## PROBLEM REQUIREMENTS
Comb the records below for the string "divff" and copy each line where it turns up.

## RECORDS SHOWN
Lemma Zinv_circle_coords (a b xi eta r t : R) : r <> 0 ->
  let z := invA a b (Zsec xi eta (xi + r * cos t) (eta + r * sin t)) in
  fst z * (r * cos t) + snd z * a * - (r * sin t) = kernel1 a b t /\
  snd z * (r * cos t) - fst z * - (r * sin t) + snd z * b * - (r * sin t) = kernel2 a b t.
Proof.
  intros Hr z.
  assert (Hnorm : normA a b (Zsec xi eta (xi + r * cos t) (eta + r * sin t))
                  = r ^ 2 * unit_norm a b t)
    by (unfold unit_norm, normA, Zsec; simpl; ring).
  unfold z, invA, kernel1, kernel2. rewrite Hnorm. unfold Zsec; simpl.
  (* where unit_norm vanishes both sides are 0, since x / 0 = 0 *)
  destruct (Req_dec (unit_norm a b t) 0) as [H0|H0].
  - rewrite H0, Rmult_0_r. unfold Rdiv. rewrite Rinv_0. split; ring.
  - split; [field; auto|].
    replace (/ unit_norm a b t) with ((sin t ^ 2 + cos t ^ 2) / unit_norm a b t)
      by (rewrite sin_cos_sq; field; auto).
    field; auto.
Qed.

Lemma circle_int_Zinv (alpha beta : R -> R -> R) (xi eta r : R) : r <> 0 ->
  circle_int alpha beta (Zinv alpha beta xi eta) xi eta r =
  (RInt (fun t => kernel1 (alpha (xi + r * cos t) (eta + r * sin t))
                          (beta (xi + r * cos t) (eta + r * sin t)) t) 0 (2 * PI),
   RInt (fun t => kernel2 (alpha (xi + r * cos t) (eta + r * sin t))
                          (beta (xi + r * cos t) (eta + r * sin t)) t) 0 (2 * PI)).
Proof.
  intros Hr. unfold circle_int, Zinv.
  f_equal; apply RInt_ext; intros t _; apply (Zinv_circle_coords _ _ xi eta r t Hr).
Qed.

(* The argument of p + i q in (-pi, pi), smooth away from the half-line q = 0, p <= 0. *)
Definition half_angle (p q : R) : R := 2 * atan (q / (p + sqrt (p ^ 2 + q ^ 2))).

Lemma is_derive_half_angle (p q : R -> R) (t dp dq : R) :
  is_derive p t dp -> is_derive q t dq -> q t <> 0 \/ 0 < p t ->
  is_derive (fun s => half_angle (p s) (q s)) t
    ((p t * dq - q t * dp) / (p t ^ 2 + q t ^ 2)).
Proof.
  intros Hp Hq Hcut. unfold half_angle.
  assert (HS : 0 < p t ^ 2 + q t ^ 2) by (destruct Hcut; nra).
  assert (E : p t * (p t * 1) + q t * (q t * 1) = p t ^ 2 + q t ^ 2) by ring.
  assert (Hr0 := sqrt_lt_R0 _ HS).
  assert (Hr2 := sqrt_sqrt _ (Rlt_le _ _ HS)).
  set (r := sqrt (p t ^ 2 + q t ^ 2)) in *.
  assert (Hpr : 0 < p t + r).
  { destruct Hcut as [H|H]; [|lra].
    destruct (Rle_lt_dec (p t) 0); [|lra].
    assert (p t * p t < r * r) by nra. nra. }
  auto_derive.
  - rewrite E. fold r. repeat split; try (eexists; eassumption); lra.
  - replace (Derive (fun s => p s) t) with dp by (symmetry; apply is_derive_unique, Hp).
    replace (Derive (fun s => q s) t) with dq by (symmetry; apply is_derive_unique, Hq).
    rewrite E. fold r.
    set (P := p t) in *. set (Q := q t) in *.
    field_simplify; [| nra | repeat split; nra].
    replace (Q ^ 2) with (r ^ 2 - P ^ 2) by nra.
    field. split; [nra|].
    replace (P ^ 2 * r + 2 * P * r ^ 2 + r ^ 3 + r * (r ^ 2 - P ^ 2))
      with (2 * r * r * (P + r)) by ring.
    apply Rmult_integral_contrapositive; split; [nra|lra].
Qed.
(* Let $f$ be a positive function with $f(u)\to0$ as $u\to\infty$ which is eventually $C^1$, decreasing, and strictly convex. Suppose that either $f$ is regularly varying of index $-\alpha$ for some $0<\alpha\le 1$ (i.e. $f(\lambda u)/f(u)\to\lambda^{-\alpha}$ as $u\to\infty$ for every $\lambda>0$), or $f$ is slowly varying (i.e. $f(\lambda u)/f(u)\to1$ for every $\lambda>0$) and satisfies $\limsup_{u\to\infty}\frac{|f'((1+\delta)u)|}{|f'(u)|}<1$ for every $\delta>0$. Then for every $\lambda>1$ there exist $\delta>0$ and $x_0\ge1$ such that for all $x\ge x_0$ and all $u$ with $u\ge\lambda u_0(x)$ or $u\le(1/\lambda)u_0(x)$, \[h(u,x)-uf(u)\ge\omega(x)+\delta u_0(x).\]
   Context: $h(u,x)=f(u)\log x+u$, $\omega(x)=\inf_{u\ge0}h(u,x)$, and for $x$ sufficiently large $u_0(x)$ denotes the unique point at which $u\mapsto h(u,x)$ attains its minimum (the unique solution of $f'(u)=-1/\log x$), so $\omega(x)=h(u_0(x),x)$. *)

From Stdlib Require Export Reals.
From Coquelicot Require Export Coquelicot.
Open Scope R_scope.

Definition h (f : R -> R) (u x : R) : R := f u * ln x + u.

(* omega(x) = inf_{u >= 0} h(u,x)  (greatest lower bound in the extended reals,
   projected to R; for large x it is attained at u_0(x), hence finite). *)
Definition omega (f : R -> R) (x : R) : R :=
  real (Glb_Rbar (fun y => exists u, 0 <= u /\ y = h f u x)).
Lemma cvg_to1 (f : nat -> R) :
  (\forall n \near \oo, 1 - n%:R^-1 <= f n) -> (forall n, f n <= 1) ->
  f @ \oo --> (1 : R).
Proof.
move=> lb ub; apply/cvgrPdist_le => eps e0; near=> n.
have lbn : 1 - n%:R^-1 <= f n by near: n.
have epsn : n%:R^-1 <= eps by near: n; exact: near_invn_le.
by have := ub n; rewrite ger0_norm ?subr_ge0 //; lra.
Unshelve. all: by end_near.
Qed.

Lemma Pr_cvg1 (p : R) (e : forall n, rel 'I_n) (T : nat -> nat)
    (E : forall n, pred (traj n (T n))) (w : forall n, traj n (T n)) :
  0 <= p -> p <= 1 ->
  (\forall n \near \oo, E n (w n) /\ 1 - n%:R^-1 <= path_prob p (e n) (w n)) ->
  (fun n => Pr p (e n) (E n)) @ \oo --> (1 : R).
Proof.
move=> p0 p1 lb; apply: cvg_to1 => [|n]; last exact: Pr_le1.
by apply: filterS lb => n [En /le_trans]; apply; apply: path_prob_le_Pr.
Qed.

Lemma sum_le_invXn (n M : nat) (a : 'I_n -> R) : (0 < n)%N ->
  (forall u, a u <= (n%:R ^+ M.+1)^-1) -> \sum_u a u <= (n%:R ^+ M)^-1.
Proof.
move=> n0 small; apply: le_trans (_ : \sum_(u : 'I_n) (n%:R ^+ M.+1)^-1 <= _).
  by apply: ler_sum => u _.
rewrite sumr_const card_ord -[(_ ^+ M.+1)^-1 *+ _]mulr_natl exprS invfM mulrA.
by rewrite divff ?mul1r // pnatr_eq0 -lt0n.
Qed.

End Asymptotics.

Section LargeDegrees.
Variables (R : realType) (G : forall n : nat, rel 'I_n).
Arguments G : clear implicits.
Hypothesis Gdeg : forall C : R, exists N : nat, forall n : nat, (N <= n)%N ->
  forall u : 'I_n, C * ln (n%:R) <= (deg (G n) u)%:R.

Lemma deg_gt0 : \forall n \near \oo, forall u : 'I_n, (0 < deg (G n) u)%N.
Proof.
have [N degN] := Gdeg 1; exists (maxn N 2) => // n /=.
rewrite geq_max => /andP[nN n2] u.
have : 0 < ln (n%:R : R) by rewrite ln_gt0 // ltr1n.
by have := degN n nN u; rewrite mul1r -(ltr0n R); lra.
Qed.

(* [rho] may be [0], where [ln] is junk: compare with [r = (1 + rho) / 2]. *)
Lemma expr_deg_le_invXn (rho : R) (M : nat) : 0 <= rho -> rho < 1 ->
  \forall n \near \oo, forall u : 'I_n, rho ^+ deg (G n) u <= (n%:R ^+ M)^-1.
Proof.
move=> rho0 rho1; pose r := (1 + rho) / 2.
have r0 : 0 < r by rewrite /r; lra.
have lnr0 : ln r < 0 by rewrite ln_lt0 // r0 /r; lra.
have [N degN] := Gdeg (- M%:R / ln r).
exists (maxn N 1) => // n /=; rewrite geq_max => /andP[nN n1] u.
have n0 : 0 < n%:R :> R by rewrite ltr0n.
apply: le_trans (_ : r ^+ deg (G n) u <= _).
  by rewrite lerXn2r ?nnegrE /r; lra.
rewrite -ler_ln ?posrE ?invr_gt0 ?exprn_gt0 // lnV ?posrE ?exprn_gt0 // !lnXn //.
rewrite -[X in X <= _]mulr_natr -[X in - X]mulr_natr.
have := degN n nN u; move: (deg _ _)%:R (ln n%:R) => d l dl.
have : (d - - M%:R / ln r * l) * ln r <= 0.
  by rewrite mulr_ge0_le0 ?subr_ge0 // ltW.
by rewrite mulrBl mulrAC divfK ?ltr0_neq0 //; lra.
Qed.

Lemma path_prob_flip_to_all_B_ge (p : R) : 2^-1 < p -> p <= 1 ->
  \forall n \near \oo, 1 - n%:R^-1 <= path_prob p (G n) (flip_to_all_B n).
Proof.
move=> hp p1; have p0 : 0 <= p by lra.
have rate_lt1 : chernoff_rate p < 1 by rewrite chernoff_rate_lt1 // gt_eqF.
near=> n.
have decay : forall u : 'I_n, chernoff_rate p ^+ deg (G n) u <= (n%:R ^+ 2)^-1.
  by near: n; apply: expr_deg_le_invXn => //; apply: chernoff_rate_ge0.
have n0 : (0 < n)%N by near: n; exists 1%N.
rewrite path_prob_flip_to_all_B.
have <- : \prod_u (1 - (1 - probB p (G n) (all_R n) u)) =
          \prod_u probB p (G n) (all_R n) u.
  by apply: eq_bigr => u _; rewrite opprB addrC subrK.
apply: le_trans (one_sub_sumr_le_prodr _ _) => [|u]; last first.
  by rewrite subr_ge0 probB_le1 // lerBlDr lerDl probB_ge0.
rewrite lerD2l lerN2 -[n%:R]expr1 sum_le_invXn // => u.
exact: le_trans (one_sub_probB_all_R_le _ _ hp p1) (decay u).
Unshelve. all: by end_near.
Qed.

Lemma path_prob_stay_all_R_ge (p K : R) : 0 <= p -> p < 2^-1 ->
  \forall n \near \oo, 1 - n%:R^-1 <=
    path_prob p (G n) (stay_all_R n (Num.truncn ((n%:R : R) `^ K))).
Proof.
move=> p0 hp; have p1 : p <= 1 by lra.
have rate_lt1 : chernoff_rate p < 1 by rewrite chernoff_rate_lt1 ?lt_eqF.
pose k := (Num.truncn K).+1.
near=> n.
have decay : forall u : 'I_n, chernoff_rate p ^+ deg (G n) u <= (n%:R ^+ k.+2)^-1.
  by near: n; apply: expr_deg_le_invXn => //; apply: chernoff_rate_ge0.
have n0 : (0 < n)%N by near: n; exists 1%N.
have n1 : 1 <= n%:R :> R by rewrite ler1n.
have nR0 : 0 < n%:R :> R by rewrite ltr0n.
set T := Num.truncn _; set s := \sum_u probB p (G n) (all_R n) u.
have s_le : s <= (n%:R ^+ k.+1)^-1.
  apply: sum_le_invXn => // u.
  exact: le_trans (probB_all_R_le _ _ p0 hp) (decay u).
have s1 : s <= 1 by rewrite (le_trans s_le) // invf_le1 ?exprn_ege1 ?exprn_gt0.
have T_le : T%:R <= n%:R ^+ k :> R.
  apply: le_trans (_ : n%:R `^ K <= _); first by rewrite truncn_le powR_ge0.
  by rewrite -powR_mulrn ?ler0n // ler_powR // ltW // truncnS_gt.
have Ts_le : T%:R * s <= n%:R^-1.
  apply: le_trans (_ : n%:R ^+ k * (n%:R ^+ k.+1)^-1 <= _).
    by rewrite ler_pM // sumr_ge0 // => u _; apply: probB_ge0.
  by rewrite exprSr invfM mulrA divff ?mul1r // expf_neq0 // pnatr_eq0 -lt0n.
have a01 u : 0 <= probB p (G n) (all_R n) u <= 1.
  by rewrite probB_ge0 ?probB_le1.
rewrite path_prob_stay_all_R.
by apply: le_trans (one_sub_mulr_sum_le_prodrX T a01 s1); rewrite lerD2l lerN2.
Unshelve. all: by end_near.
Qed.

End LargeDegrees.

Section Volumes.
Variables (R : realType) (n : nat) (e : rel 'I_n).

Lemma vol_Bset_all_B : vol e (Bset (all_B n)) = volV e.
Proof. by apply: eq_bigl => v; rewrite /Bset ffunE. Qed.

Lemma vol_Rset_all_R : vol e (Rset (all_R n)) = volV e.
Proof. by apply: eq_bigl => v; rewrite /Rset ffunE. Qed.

## RESPONSE FOR THIS EXERCISE
by rewrite divff ?mul1r // pnatr_eq0 -lt0n.
  by rewrite exprSr invfM mulrA divff ?mul1r // expf_neq0 // pnatr_eq0 -lt0n.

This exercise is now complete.